*TASK:*
Reproduce, without any change, the span of lines from the opening of the records below to the line containing "unfold F, int_code.", inclusive.

[Dataset entries]
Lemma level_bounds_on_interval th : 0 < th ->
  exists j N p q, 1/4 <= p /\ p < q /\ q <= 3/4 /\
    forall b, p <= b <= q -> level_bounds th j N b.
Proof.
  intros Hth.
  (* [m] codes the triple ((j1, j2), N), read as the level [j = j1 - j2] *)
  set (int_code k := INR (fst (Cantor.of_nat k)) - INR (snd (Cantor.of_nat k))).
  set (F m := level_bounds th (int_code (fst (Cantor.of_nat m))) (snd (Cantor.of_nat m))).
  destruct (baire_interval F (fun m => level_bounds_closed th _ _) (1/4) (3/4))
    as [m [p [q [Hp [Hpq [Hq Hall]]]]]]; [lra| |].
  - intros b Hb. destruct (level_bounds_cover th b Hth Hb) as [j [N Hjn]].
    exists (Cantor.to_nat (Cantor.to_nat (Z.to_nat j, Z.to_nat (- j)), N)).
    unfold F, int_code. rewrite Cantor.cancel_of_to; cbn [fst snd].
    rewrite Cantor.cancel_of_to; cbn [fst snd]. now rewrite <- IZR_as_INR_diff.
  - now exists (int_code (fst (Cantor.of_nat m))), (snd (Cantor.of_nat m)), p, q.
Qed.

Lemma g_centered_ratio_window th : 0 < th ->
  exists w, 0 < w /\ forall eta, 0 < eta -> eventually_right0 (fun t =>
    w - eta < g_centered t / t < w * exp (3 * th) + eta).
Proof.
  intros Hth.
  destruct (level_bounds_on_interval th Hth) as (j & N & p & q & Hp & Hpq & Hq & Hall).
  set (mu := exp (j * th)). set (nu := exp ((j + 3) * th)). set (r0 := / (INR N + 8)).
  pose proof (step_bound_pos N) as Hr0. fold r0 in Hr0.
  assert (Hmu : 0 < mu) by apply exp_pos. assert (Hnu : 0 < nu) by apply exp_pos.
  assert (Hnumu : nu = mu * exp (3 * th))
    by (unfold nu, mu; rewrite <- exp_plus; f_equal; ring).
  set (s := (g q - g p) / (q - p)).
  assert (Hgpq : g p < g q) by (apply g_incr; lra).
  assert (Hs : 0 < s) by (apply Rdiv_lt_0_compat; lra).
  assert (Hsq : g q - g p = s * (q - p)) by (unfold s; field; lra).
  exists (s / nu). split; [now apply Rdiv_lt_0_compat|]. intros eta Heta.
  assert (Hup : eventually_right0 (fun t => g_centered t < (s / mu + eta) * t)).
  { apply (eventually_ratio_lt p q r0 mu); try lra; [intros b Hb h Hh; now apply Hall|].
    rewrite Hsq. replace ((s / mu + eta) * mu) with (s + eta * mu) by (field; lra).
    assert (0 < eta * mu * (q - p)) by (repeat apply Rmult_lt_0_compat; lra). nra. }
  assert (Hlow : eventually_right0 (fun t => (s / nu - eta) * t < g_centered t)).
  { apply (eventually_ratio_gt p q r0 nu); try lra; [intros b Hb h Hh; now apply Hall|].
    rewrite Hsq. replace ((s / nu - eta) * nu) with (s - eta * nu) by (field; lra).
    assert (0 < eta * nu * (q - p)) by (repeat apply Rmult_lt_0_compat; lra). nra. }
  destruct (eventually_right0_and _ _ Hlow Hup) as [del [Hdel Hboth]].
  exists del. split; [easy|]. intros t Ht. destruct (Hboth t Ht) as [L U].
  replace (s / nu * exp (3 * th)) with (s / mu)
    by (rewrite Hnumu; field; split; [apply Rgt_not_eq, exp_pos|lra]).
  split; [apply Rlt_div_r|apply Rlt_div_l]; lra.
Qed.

*ANSWER BELOW:*
Lemma level_bounds_on_interval th : 0 < th ->
  exists j N p q, 1/4 <= p /\ p < q /\ q <= 3/4 /\
    forall b, p <= b <= q -> level_bounds th j N b.
Proof.
  intros Hth.
  (* [m] codes the triple ((j1, j2), N), read as the level [j = j1 - j2] *)
  set (int_code k := INR (fst (Cantor.of_nat k)) - INR (snd (Cantor.of_nat k))).
  set (F m := level_bounds th (int_code (fst (Cantor.of_nat m))) (snd (Cantor.of_nat m))).
  destruct (baire_interval F (fun m => level_bounds_closed th _ _) (1/4) (3/4))
    as [m [p [q [Hp [Hpq [Hq Hall]]]]]]; [lra| |].
  - intros b Hb. destruct (level_bounds_cover th b Hth Hb) as [j [N Hjn]].
    exists (Cantor.to_nat (Cantor.to_nat (Z.to_nat j, Z.to_nat (- j)), N)).
    unfold F, int_code. rewrite Cantor.cancel_of_to; cbn [fst snd].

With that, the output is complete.